Requirement
From the line with "pose proof (Hpos c Hc). nra." to the last line of the material, both inclusive, transcribe every line exactly and nothing else.

Provided records
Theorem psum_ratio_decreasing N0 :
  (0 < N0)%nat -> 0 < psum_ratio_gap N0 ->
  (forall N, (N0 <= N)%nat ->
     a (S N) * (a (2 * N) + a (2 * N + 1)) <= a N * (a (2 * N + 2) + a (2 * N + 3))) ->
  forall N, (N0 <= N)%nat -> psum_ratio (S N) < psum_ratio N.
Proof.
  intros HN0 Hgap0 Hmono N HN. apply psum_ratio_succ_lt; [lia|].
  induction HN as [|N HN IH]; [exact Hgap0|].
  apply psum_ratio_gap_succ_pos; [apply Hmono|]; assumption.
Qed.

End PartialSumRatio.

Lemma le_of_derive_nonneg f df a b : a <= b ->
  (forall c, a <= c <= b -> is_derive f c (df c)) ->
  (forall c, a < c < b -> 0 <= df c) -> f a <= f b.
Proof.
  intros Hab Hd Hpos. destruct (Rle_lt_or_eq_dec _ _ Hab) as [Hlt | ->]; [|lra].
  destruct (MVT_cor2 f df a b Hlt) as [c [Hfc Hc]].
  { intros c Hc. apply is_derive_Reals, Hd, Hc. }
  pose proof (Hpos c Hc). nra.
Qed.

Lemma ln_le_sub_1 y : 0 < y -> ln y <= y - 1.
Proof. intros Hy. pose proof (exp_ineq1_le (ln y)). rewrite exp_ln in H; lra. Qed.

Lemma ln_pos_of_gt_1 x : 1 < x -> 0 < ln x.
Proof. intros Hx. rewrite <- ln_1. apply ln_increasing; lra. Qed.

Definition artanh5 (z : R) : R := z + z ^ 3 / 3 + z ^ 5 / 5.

Answer
  pose proof (Hpos c Hc). nra.
Qed.

Lemma ln_le_sub_1 y : 0 < y -> ln y <= y - 1.
Proof. intros Hy. pose proof (exp_ineq1_le (ln y)). rewrite exp_ln in H; lra. Qed.

Lemma ln_pos_of_gt_1 x : 1 < x -> 0 < ln x.
Proof. intros Hx. rewrite <- ln_1. apply ln_increasing; lra. Qed.

Definition artanh5 (z : R) : R := z + z ^ 3 / 3 + z ^ 5 / 5.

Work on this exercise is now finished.